Your project needs its own Git repository so you can save your work and deploy to Vercel.
Initialize Git and make your first commit:
git init
git add .
git commit -m "initial commit from hackathon starter"Now you need a GitHub repository to push your code to. Pick one of the two options below:
gh repo create slow-hackathon --public --source=. --pushThis creates a new repo on GitHub and pushes your code in one step. Done!
- Go to github.com/new
- Enter a Repository name (e.g.,
slow-hackathon) - Leave it set to Public
- Do NOT check "Add a README file" — your project already has files
- Click Create repository
- GitHub will show you a page with setup instructions. Find the section that says "…or push an existing repository from the command line" and copy the URL. It will look like
https://github.com/YOUR-USERNAME/slow-hackathon.git - Back in your terminal, run these two commands (replace the URL with yours):
git remote add origin https://github.com/YOUR-USERNAME/slow-hackathon.git
git push -u origin main- Refresh the GitHub page — you should see all your project files
cp .env.example .envNow generate a secret key for authentication. Run this in your terminal:
npx auth secretThis prints a random secret string. Copy it, open .env in your editor, and paste it as the value for AUTH_SECRET. Leave the file open — you'll fill in the database credentials in the next step.

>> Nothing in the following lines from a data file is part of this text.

Lemma derive2_mean_half_sqr_dist_root t0 :
  (forall i, derivable ('D_e (F i)) t0 e) -> (forall i, F i t0 = y i) ->
  'D_e ('D_e mean_half_sqr_dist) t0 =
    n%:R^-1 * \sum_i \sum_a ('D_e (F i) t0 a 0) ^+ 2.
Proof.
move=> dDF Fy; rewrite derive_mean_half_sqr_dist.
have -> : (fun t => n%:R^-1 * \sum_i \sum_a (F i t a 0 - y i a 0) * 'D_e (F i) t a 0) =
    n%:R^-1 \*: \sum_i \sum_a
      (((fun t => F i t a 0) - cst (y i a 0)) * (fun t => 'D_e (F i) t a 0)).
  apply/funext => t; rewrite !fct_sumE /=.
  by under [in RHS]eq_bigr do rewrite fct_sumE.
apply: derive_val; apply: is_deriveZ; apply: is_derive_eq.
  apply: is_derive_sum => i; apply: is_derive_sum => a.
  apply: is_deriveM.
    by apply: is_deriveB; exact: is_derive_coord.
  exact: is_derive_coord.
apply: eq_bigr => i _; apply: eq_bigr => a _ /=.
by rewrite !fctE Fy subrr scale0r add0r subr0 expr2.
Qed.

End GaussNewton.

Section LinearFirstLayer.
Variable R : realType.
Local Open Scope classical_set_scope.

Lemma derive_jacobian M N (G : 'cV[R]_M -> 'cV[R]_N) z v :
  differentiable G z -> 'D_v G z = Defs.jacobian G z *m v.
Proof.
move=> dG; have v_delta : v = \sum_b v b 0 *: (delta_mx b 0 : 'cV[R]_M).
  by rewrite {1}[v]matrix_sum_delta; apply: eq_bigr => b _; rewrite big_ord1.
apply/colP => a; rewrite deriveE // {1}v_delta linear_sum summxE !mxE.
by apply: eq_bigr => b _; rewrite linearZ mxE mulrC !mxE deriveE.
Qed.

Lemma derive_comp_mulmx d M N (G : 'cV[R]_d -> 'cV[R]_N) (W : 'M[R]_(d, M)) z v :
  'D_v (fun z => G (W *m z)) z = 'D_(W *m v) G (W *m z).
Proof.
rewrite /derive; congr (lim (_ @ 0^')); apply/funext => h /=.
by rewrite mulmxDr scalemxAr.
Qed.

Lemma jacobian_comp_mulmx d M N (G : 'cV[R]_d -> 'cV[R]_N) (W : 'M[R]_(d, M)) z :
  differentiable G (W *m z) ->
  Defs.jacobian (fun z => G (W *m z)) z = Defs.jacobian G (W *m z) *m W.
Proof.
move=> dG; apply/matrixP => a b.
by rewrite mxE derive_comp_mulmx derive_jacobian // mulmxA -colE mxE.
Qed.

Variables (M N d P : nat) (g : 'cV[R]_d -> 'cV[R]_P -> 'cV[R]_N).
Variables (W : 'M[R]_(d, M)) (thbar : 'cV[R]_P) (x : 'cV[R]_M).

Lemma derive_netf_weight (E : 'M[R]_(d, M)) :
  'D_((E, 0) : 'M[R]_(d, M) * 'cV[R]_P) (netf g x) (W, thbar) =
    'D_(E *m x) (fun z => g z thbar) (W *m x).
Proof.
rewrite /derive; congr (lim (_ @ 0^')); apply/funext => h /=.
by rewrite /netf /= scaler0 add0r mulmxDl scalemxAl.
Qed.

Lemma derive_netf_delta j k a :
  differentiable (fun z => g z thbar) (W *m x) ->
  ('D_((delta_mx j k, 0) : 'M[R]_(d, M) * 'cV[R]_P) (netf g x) (W, thbar)) a 0 =
    x k 0 * Defs.jacobian (fun z => g z thbar) (W *m x) a j.
Proof.
move=> dg; rewrite derive_netf_weight derive_jacobian //.
rewrite -(mul_delta_mx (0 : 'I_1)) -mulmxA -rowE mulmxA -colE.
by rewrite mxE big_ord1 !mxE mulrC.
Qed.

End LinearFirstLayer.

Lemma sharpness_ge_input_jacobian (R : realType) (M N d P n : nat)
    (g : 'cV[R]_d -> 'cV[R]_P -> 'cV[R]_N)
    (x : 'I_n -> 'cV[R]_M) (y : 'I_n -> 'cV[R]_N)
    (W : 'M[R]_(d, M)) (thbar : 'cV[R]_P) :
  (forall i, differentiable (fun z => g z thbar) (W *m x i)) ->
  (forall i th, differentiable (netf g (x i)) th) ->
  (forall i v, differentiable ('D_v (netf g (x i))) (W, thbar)) ->
  (forall i, netf g (x i) (W, thbar) = y i) ->
  n%:R^-1 * \sum_i norm2 (x i) ^+ 2
      * frobnorm (Defs.jacobian (fun z => g z thbar) (W *m x i)) ^+ 2
    <= sharpness g x y (W, thbar).
Proof.
move=> dg dF dDF interp.
set J := fun i => Defs.jacobian (fun z => g z thbar) (W *m x i).
have D2 e : 'D_e ('D_e (loss g x y)) (W, thbar) =
    n%:R^-1 * \sum_i \sum_a ('D_e (netf g (x i)) (W, thbar) a 0) ^+ 2.
  apply: derive2_mean_half_sqr_dist_root => // i *; exact: diff_derivable.
have weight_block : \sum_(j < d) \sum_(k < M)
      'D_((delta_mx j k, 0) : 'M[R]_(d, M) * 'cV[R]_P)
        ('D_(delta_mx j k, 0) (loss g x y)) (W, thbar)
    = n%:R^-1 * \sum_i norm2 (x i) ^+ 2 * frobnorm (J i) ^+ 2.
  transitivity (n%:R^-1 * \sum_(j < d) \sum_(k < M) \sum_i \sum_a
                  (x i k 0 ^+ 2 * J i a j ^+ 2)).
    rewrite mulr_sumr; apply: eq_bigr => j _; rewrite mulr_sumr.
    apply: eq_bigr => k _; rewrite D2; congr (_ * _).
    apply: eq_bigr => i _; apply: eq_bigr => a _.
    by rewrite derive_netf_delta // exprMn.
  congr (_ * _); rewrite exchange_big; under eq_bigr do rewrite exchange_big.
  rewrite exchange_big; apply: eq_bigr => i _ /=.
  rewrite sqr_norm2 sqr_frobnorm mulr_suml; apply: eq_bigr => k _.
  rewrite exchange_big mulr_sumr; apply: eq_bigr => a _.
  by rewrite mulr_sumr.
rewrite /sharpness /hess_trace /= weight_block -[leLHS]addr0 lerD2l.
apply: sumr_ge0 => p _; rewrite D2 mulr_ge0 ?invr_ge0 //.
by apply: sumr_ge0 => i _; apply: sumr_ge0 => a _; exact: sqr_ge0.
Qed.

Theorem proposition3 (R : realType) (M N d P n : nat)
  (g : 'cV[R]_d -> 'cV[R]_P -> 'cV[R]_N)
  (x : 'I_n -> 'cV[R]_M) (y : 'I_n -> 'cV[R]_N)
  (W : 'M[R]_(d, M)) (thbar : 'cV[R]_P) :
  (0 < n)%N ->
  (forall i, x i != 0) ->
  (* g differentiable in its first argument *)
  (forall (t : 'cV[R]_P) (z : 'cV[R]_d), differentiable (fun z' => g z' t) z) ->
  (* f(x_i; .) twice differentiable in the parameters theta = (W, thbar) *)
  (forall i (th : 'M[R]_(d, M) * 'cV[R]_P), differentiable (netf g (x i)) th) ->
  (forall i (v th : 'M[R]_(d, M) * 'cV[R]_P),
      differentiable ('D_v (netf g (x i))) th) ->
  (* theta* = (W, thbar) interpolates the data exactly *)
  (forall i, netf g (x i) (W, thbar) = y i) ->
  MLS g x (W, thbar) <=
    specnorm W
    * Num.sqrt ((n%:R)^-1 * \sum_(i < n) (norm2 (x i) ^+ 2)^-1)
    * Num.sqrt (sharpness g x y (W, thbar)).
Proof.
move=> _ x_neq0 dg dF dDF interp.
set J := fun i => Defs.jacobian (fun z => g z thbar) (W *m x i).
have sharpness_ge := sharpness_ge_input_jacobian (fun i => dg thbar _) dF
  (fun i v => dDF i v _) interp.
have MLS_le : MLS g x (W, thbar) <= specnorm W * (n%:R^-1 * \sum_i frobnorm (J i)).
  rewrite /MLS mulrCA ler_wpM2l ?invr_ge0 // mulr_sumr; apply: ler_sum => i _.
  by rewrite (jacobian_comp_mulmx (dg thbar _)) mulrC; exact: specnorm_mulmx_le.
rewrite -mulrA (le_trans MLS_le) // ler_wpM2l ?specnorm_ge0 //.
apply: le_trans (mean_le_sqrt_mean_inv_sqr (w := fun i => norm2 (x i)) _ _) _.
  by move=> i; rewrite gt_eqF // norm2_gt0.
rewrite ler_wpM2l ?sqrtr_ge0 // ler_sqrt //.
apply: le_trans sharpness_ge.
by rewrite mulr_ge0 ?invr_ge0 // sumr_ge0 // => i _; rewrite mulr_ge0 ?sqr_ge0.
Qed.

You'll create two Supabase projects — one for development and one for production. This keeps your dev data completely separate from your live app.

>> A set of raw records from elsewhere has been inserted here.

Lemma divisorsM m n : (0 < m)%N -> (0 < n)%N -> coprime m n ->
  perm_eq (divisors (m * n))
          [seq (d1 * d2)%N | d1 <- divisors m, d2 <- divisors n].
Proof.
move=> m0 n0 cop; have mn0 : (0 < m * n)%N by rewrite muln_gt0 m0 n0.
apply: uniq_perm; first exact: divisors_uniq.
  apply: allpairs_uniq; try exact: divisors_uniq.
  move=> [d1 d2] [e1 e2] /allpairsP[[x1 x2] [/= h1 h2 [-> ->]]]
    /allpairsP[[y1 y2] [/= k1 k2 [-> ->]]] /= eq.
  rewrite -!dvdn_divisors // in h1 h2 k1 k2.
  have gcd_l a b : a %| m -> b %| n -> gcdn m (a * b) = a.
    move=> am bn; rewrite Gauss_gcdl; first exact/gcdn_idPr.
    exact: coprime_dvdr bn cop.
  have gcd_r a b : a %| m -> b %| n -> gcdn n (a * b) = b.
    move=> am bn; rewrite Gauss_gcdr; first exact/gcdn_idPr.
    by rewrite coprime_sym; exact: coprime_dvdl am cop.
  by rewrite -(gcd_l x1 x2) // eq gcd_l // -(gcd_r x1 x2) // eq gcd_r.
move=> d; apply/idP/idP.
  rewrite -dvdn_divisors // => dmn; apply/allpairsP.
  exists (gcdn d m, gcdn d n); rewrite /= -!dvdn_divisors // !dvdn_gcdr; split => //.
  have cg : coprime (gcdn d m) (gcdn d n).
    apply: coprime_dvdl (dvdn_gcdr d m) _; exact: coprime_dvdr (dvdn_gcdr d n) cop.
  apply/eqP; rewrite eqn_dvd; apply/andP; split.
    by rewrite muln_gcdl dvdn_gcd dvdn_mulr //= muln_gcdr dvdn_gcd dvdn_mull.
  by rewrite Gauss_dvd // !dvdn_gcdl.
move=> /allpairsP[[x1 x2] [/= h1 h2 ->]]; rewrite -dvdn_divisors //.
rewrite -!dvdn_divisors // in h1 h2; exact: dvdn_mul.
Qed.

Lemma Dsum_mult F : multiplicative F -> multiplicative (Dsum F).
Proof.
have D1 : Dsum F 1 = F 1%N by rewrite /Dsum (_ : divisors 1 = [:: 1%N]) // big_seq1.
move=> [F1 FM]; split; first by rewrite D1.
move=> m n cop.
have [m0|m0] := posnP m.
  by move: cop; rewrite m0 => /coprime0l ->; rewrite D1 F1 Rmult_1_r.
have [n0|n0] := posnP n.
  by move: cop; rewrite n0 => /coprime0r ->; rewrite D1 F1 Rmult_1_l.
rewrite /Dsum (perm_big _ (divisorsM _ _ m0 n0 cop)) big_allpairs_dep big_distrl /=.
apply: eq_big_seq => d1 h1; rewrite big_distrr /=; apply: eq_big_seq => d2 h2.
rewrite FM //; rewrite -!dvdn_divisors // in h1 h2.
apply: coprime_dvdl h1 _; exact: coprime_dvdr h2 cop.
Qed.

Lemma Dsum_pexp F p k : prime p ->
  Dsum F (p ^ k)%N = \big[Rplus/0]_(0 <= j < k.+1) F (p ^ j)%N.
Proof.
move=> pp; rewrite /Dsum /index_iota subn0 -(big_map (expn p) xpredT).
apply: perm_big; apply: uniq_perm; first exact: divisors_uniq.
  by rewrite map_inj_uniq ?iota_uniq //; apply: expnI; exact: prime_gt1.
move=> d; rewrite -dvdn_divisors ?expn_gt0 ?prime_gt0 //.
apply/idP/idP.
  by case/(dvdn_pfactor _ _ pp) => j jk ->; apply: map_f; rewrite mem_iota /=; lia.
case/mapP => j; rewrite mem_iota => /andP[_ jk] ->; apply/(dvdn_pfactor _ _ pp).
by exists j.
Qed.

Lemma Rabs_le_inv a b : Rabs a <= b -> - b <= a <= b.
Proof.
by move=> h; split; [have := Rle_abs (- a); rewrite Rabs_Ropp | have := Rle_abs a]; lra.
Qed.

Lemma INR_expn p a : INR (p ^ a)%N = INR p ^ a.
Proof. by elim: a => [|a IH]; rewrite ?expn0 // expnS mult_INR IH. Qed.

Lemma neg1pow a : (-1) ^ a = 1 \/ (-1) ^ a = -1.
Proof. elim: a => [|a [IH|IH]] /=; [left | right | left]; rewrite ?IH; lra. Qed.

Lemma pow_ge_base x a : 1 <= x -> (0 < a)%N -> x <= x ^ a.
Proof.
move=> x1; case: a => // a _; elim: a => [|a IH]; first by rewrite /=; lra.
rewrite /= in IH *; have : 1 <= x * x ^ a by have := pow_le x a ltac:(lra); nra.
nra.
Qed.

Lemma pow_ge1 x a : 1 <= x -> 1 <= x ^ a.
Proof. by move=> x1; elim: a => [|a IH] /=; nra. Qed.

Lemma inv_pow_le x a b : 1 <= x -> (a <= b)%N -> / x ^ b <= / x ^ a.
Proof.
move=> x1 ab; apply: Rinv_le_contravar; first by have := pow_ge1 x a x1; lra.
rewrite -(subnK ab) pow_add; have := pow_ge1 x (b - a) x1; have := pow_ge1 x a x1; nra.
Qed.

Lemma div_nonneg a b : 0 <= a -> 0 < b -> 0 <= a / b.
Proof. by move=> ha hb; apply: Rmult_le_pos => //; left; exact: Rinv_0_lt_compat. Qed.

(* n/beta(n) at a prime power, and the local factor of the function g with
   n/beta(n) = sum_{d | n} g(d): g(p^a) = (p^a/beta(p^a)) - (p^(a-1)/beta(p^(a-1))). *)
Definition ratio_pp (p a : nat) : R := INR (p ^ a) / beta_pp p a.
Definition g_pp (p a : nat) : R := ratio_pp p a - ratio_pp p a.-1.

Lemma beta_ppE p a : beta_pp p a = (INR p ^ a.+1 + (-1) ^ a) / (INR p + 1).
Proof. by rewrite /beta_pp addn1. Qed.

Section LocalFactors.
Context {p : nat} (p_prime : prime p).

Lemma prime_ge2 : 2 <= INR p.
Proof. by have := prime_gt1 p_prime; move/leP => h; apply: (le_INR 2); lia. Qed.

Lemma beta_pp_pos a : 0 < beta_pp p a.
Proof.
have P2 := prime_ge2; rewrite beta_ppE.
have : 2 <= INR p ^ a.+1 by have := pow_ge_base (INR p) a.+1 ltac:(lra) isT; lra.
by case: (neg1pow a) => -> h; apply: Rdiv_lt_0_compat; lra.
Qed.

Lemma ratio_pp0 : ratio_pp p 0 = 1.
Proof. by have := prime_ge2; rewrite /ratio_pp /beta_pp /= => h; field; lra. Qed.

(* p^a/beta(p^a) = (p+1)/p + O(p^-(a+1)): the two local factors nearly
   cancel in g(p^a). *)
Lemma ratio_pp_close a :
  Rabs (ratio_pp p a - (INR p + 1) / INR p) <= 3 / INR p ^ a.+1.
Proof.
have := prime_ge2; set P := INR p => P2.
have Q1 : P <= P ^ a.+1 by apply: pow_ge_base => //; lra.
have Qe : P ^ a.+1 = P * P ^ a by [].
have Pa : 1 <= P ^ a by apply: pow_ge1; lra.
rewrite /ratio_pp beta_ppE INR_expn -/P.
case: (neg1pow a) => ->.
  have -> : P ^ a / ((P ^ a.+1 + 1) / (P + 1)) - (P + 1) / P =
            - ((P + 1) / (P * (P ^ a.+1 + 1))) by rewrite Qe; field; nra.
  rewrite Rabs_Ropp Rabs_right; last by apply: Rle_ge; apply: div_nonneg; nra.
  apply: (Rmult_le_reg_r (P * (P ^ a.+1 + 1) * P ^ a.+1)); first nra.
  have -> : (P + 1) / (P * (P ^ a.+1 + 1)) * (P * (P ^ a.+1 + 1) * P ^ a.+1) =
            (P + 1) * P ^ a.+1 by field; nra.
  have -> : 3 / P ^ a.+1 * (P * (P ^ a.+1 + 1) * P ^ a.+1) =
            3 * (P * (P ^ a.+1 + 1)) by field; nra.
  nra.
have -> : P ^ a / ((P ^ a.+1 + -1) / (P + 1)) - (P + 1) / P =
          (P + 1) / (P * (P ^ a.+1 - 1)) by rewrite Qe; field; split; nra.
rewrite Rabs_right; last by apply: Rle_ge; apply: div_nonneg; nra.
apply: (Rmult_le_reg_r (P * (P ^ a.+1 - 1) * P ^ a.+1)); first nra.
have -> : (P + 1) / (P * (P ^ a.+1 - 1)) * (P * (P ^ a.+1 - 1) * P ^ a.+1) =
          (P + 1) * P ^ a.+1 by field; nra.
have -> : 3 / P ^ a.+1 * (P * (P ^ a.+1 - 1) * P ^ a.+1) =
          3 * (P * (P ^ a.+1 - 1)) by field; nra.
nra.
Qed.

Lemma ratio_pp_pos a : 0 < ratio_pp p a.
Proof.
rewrite /ratio_pp INR_expn; apply: Rdiv_lt_0_compat; last exact: beta_pp_pos.
by apply: pow_lt; have := prime_ge2; lra.
Qed.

- Go to supabase.com/dashboard
- Create a project named
slow-hackathon-dev - Create a second project named
slow-hackathon-prod - For each project, go to Connect → ORMs tab → select Prisma → copy the
DATABASE_URLandDIRECT_URL
⚠️ Important: You need both URLs.DATABASE_URLuses the connection pooler (port6543).DIRECT_URLis for migrations and uses the direct connection (port5432).

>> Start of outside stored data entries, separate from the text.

Lemma monotone_inv s h hi : (forall x, h (hi x) = x) -> monotone s h -> monotone s hi.
Proof.
  intros KH. destruct s; simpl; intros M x y H.
  - destruct (Rtotal_order (hi x) (hi y)) as [?|[E|G]]; auto.
    + apply (f_equal h) in E. rewrite !KH in E. lra.
    + apply M in G. rewrite !KH in G. lra.
  - destruct (Rtotal_order (hi y) (hi x)) as [?|[E|G]]; auto.
    + apply (f_equal h) in E. rewrite !KH in E. lra.
    + apply M in G. rewrite !KH in G. lra.
Qed.

Lemma orient_lift s h e : strict_increasing h \/ strict_decreasing h ->
  (orient s (lift h e) <-> monotone s h).
Proof.
  intros M. unfold orient, orient_pres, orient_rev, monotone.
  destruct s; split; try (intros M' x y _ _ H; rewrite !val_lift; apply M'; auto).
  all: intros O; destruct M as [M|M]; auto; exfalso.
  all: assert (A := O 1 2 ltac:(lra) ltac:(lra) ltac:(lra)); rewrite !val_lift in A; simpl in A.
  all: assert (B := M 1 2 ltac:(lra)); lra.
Qed.

Definition kind_bit (b : kind) : bool := match b with Fix => false | Ex => true end.

Lemma behaviour_lift b h e : h 0 = 0 -> (behaviour b (lift h e) <-> e = kind_bit b).
Proof.
  intros H0. unfold behaviour, fixes0, exch0. rewrite lift_Pt0, lift_Orig2 by auto.
  destruct b, e; simpl; split; intros; try tauto; try discriminate; destruct H; discriminate.
Qed.

Lemma lift_diffeo_monotone k a b f h hi e : 0 < b -> lift_diffeo k a b f h hi e ->
  strict_increasing h \/ strict_decreasing h.
Proof.
  intros Hb [_ [HK [_ [G _]]]]. apply continuous_inj_monotone.
  - apply special_Ck_continuous with k a b e; auto.
  - intros x y E. rewrite <- (HK x), <- (HK y), E; auto.
Qed.

Theorem DiffSB_Sa_iff k a b s bk f : 0 < a -> 0 < b ->
  (DiffSB k (Sa k a) (Sa k b) s bk f <->
   exists h hi, lift_diffeo k a b f h hi (kind_bit bk) /\ monotone s h).
Proof.
  intros Ha Hb. split.
  - intros [D [O B]]. apply Diff_Sa_iff in D as [h [hi [e C]]]; auto.
    assert (M := lift_diffeo_monotone _ _ _ _ _ _ _ Hb C).
    destruct C as [Ef RC]. subst f.
    apply behaviour_lift in B; [subst e|apply RC].
    exists h, hi. split; [split; auto|apply (orient_lift s h (kind_bit bk) M); auto].
  - intros [h [hi [C Ms]]]. assert (M := lift_diffeo_monotone _ _ _ _ _ _ _ Hb C).
    split; [apply Diff_Sa_iff; auto; exists h, hi, (kind_bit bk); auto|].
    destruct C as [-> RC]. split; [apply orient_lift; auto|apply behaviour_lift; auto; apply RC].
Qed.

Lemma Diff_DiffSB k a b f : 0 < a -> 0 < b -> Diff k (Sa k a) (Sa k b) f ->
  exists s bk, DiffSB k (Sa k a) (Sa k b) s bk f.
Proof.
  intros Ha Hb D. apply Diff_Sa_iff in D as [h [hi [e C]]]; auto.
  assert (M := lift_diffeo_monotone _ _ _ _ _ _ _ Hb C).
  destruct M as [M|M]; [exists Plus|exists Minus]; exists (if e then Ex else Fix);
    apply DiffSB_Sa_iff; auto; exists h, hi; destruct e; auto.
Qed.

Lemma special_Ck_comp k a b c h e h' e' : 0 < b ->
  special_Ck k a b h e -> special_Ck k b c h' e' ->
  special_Ck k a c (fun x => h' (h x)) (xorb e' e).
Proof.
  intros Hb [H0 G] [H0' G']. split; [rewrite H0; auto|].
  assert (Ww : forall y, w (/ b) (w b y) = y) by (intros; apply w_inv_w; auto).
  destruct e, e'; destruct G as [G1 G2]; destruct G' as [G1' G2']; simpl; split.
  - apply CkOn_ext_full with (fun x => h' (w (/ b) (w b (h x)))); [|intros; rewrite Ww; auto].
    apply (CkOn_comp_full k (fun y => h' (w (/ b) y))); auto.
  - apply (CkOn_comp_full k (fun x => w c (h' x)) (fun y => h (w (/ a) y))); auto.
  - apply CkOn_ext_full with (fun x => w c (h' (w (/ b) (w b (h x))))); [|intros; rewrite Ww; auto].
    apply (CkOn_comp_full k (fun y => w c (h' (w (/ b) y)))); auto.
  - apply (CkOn_comp_full k h' (fun y => h (w (/ a) y))); auto.
  - apply (CkOn_comp_full k (fun x => w c (h' x)) h); auto.
  - apply CkOn_ext_full with (fun y => h' (w (/ b) (w b (h (w (/ a) y))))); [|intros; rewrite Ww; auto].
    apply (CkOn_comp_full k (fun y => h' (w (/ b) y)) (fun y => w b (h (w (/ a) y)))); auto.
  - apply (CkOn_comp_full k h' h); auto.
  - apply CkOn_ext_full with (fun y => w c (h' (w (/ b) (w b (h (w (/ a) y)))))); [|intros; rewrite Ww; auto].
    apply (CkOn_comp_full k (fun y => w c (h' (w (/ b) y))) (fun y => w b (h (w (/ a) y)))); auto.
Qed.

Lemma lift_diffeo_preserves_nonzero k a b f h hi e :
  lift_diffeo k a b f h hi e -> preserves_nonzero h /\ preserves_nonzero hi.
Proof.
  intros [_ [HK [KH [[H0 _] [Hi0 _]]]]].
  split; [apply preserves_nonzero_of_inv with hi|apply preserves_nonzero_of_inv with h]; auto.
Qed.

Lemma lift_diffeo_comp k a b c f h hi e g h' hi' e' : 0 < a -> 0 < b -> 0 < c ->
  lift_diffeo k a b f h hi e -> lift_diffeo k b c g h' hi' e' ->
  lift_diffeo k a c (compL g f) (fun x => h' (h x)) (fun x => hi (hi' x)) (xorb e' e).
Proof.
  intros Ha Hb Hc C1 C2.
  destruct (lift_diffeo_preserves_nonzero _ _ _ _ _ _ _ C1) as [N1 _].
  destruct (lift_diffeo_preserves_nonzero _ _ _ _ _ _ _ C2) as [N2 _].
  destruct C1 as [-> [HK [KH [G Gi]]]]. destruct C2 as [-> [HK' [KH' [G' Gi']]]].
  split; [|split; [|split; [|split]]].
  - apply lift_comp; auto; [apply G'|apply G].
  - intros x. rewrite HK', HK; auto.
  - intros x. rewrite KH, KH'; auto.
  - apply special_Ck_comp with b; auto.
  - replace (xorb e' e) with (xorb e e') by (destruct e, e'; reflexivity).
    apply special_Ck_comp with b; auto.
Qed.

Lemma lift_diffeo_inv k a b f h hi e :
  lift_diffeo k a b f h hi e -> lift_diffeo k b a (lift hi e) hi h e.
Proof. intros [_ [HK [KH [G Gi]]]]. repeat split; auto; apply G || apply Gi. Qed.

Lemma inverse_unique (f g g' : L -> L) :
  (forall p, g (f p) = p) -> (forall p, f (g' p) = p) -> g = g'.
Proof. intros A B. apply functional_extensionality. intros p. rewrite <- (B p) at 1. auto. Qed.

Definition kind_mul (b1 b2 : kind) : kind :=
  match b1, b2 with Fix, Fix | Ex, Ex => Fix | _, _ => Ex end.

Lemma DiffSB_comp k a b c s1 b1 s2 b2 f g : 0 < a -> 0 < b -> 0 < c ->
  DiffSB k (Sa k a) (Sa k b) s1 b1 f -> DiffSB k (Sa k b) (Sa k c) s2 b2 g ->
  DiffSB k (Sa k a) (Sa k c) (sgn_mul s1 s2) (kind_mul b1 b2) (compL g f).
Proof.
  intros Ha Hb Hc D1 D2. apply DiffSB_Sa_iff in D1 as [h1 [hi1 [C1 M1]]]; auto.
  apply DiffSB_Sa_iff in D2 as [h2 [hi2 [C2 M2]]]; auto.
  apply DiffSB_Sa_iff; auto. exists (fun x => h2 (h1 x)), (fun x => hi1 (hi2 x)). split.
  - replace (kind_bit (kind_mul b1 b2)) with (xorb (kind_bit b2) (kind_bit b1))
      by (destruct b1, b2; reflexivity).
    apply lift_diffeo_comp with b; auto.
  - apply monotone_comp; auto.
Qed.

Lemma DiffSB_inv k a b s bk f finv : 0 < a -> 0 < b ->
  DiffSB k (Sa k a) (Sa k b) s bk f -> (forall p, finv (f p) = p) -> (forall p, f (finv p) = p) ->
  DiffSB k (Sa k b) (Sa k a) s bk finv.
Proof.
  intros Ha Hb D FI IF. apply DiffSB_Sa_iff in D as [h [hi [C M]]]; auto.
  apply DiffSB_Sa_iff; auto. exists hi, h. split.
  - assert (C' := lift_diffeo_inv _ _ _ _ _ _ _ C).
    replace finv with (lift hi (kind_bit bk)); auto.
    destruct C as [-> [HK [KH [G Gi]]]].
    destruct (lift_diffeo_preserves_nonzero _ _ _ _ _ _ _ C') as [_ N].
    symmetry. apply (inverse_unique (lift h (kind_bit bk))); auto.
    apply lift_inv; auto. apply (proj1 Gi).
  - destruct C as [_ [_ [KH _]]]. apply monotone_inv with h; auto.
Qed.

Save both pairs of connection strings — you'll use the dev ones locally and the prod ones in Vercel.
Paste your dev connection strings into .env:
DATABASE_URL— your dev Supabase pooled connection stringDIRECT_URL— your dev Supabase direct connection string
npm run db:pushThis creates the auth tables in your dev database.
npm run db:seedThis creates 3 demo accounts you can sign in with right away (password for all: password):
npm run devOpen localhost:3000 in your browser. You can sign up with any email/password.
Your project has two branches: main (where you work) and production (what Vercel deploys). This means you can push code to main as much as you want without affecting your live site. When you're ready to go live, you push to production.
npx vercel linkThis will ask you to log in (opens a browser), then connects your local project to Vercel. Accept the default settings when prompted.
Go to your project on vercel.com, then Settings → Git → Production Branch and change it from main to production.
This is the only step that requires the Vercel dashboard — everything else is done from the terminal.
npx vercel env add AUTH_SECRET productionWhen prompted, paste the same secret you generated in step 3 and press Enter.
npx vercel env add DATABASE_URL productionPaste your prod Supabase pooled connection string (port 6543).
npx vercel env add DIRECT_URL productionPaste your prod Supabase direct connection string (port 5432).
Push your code to the production branch to trigger a deploy:
git push origin main:productionThis pushes your main branch to production on GitHub. Vercel will build your app and give you a live URL (e.g., slow-hackathon.vercel.app).
Database schema migrations run automatically — the build command runs prisma db push before next build, so your production database stays in sync with your code.
Every time you want to update your live site, push to production:
git push origin main:productionOr use the /deploy slash command in Claude Code, which does this for you.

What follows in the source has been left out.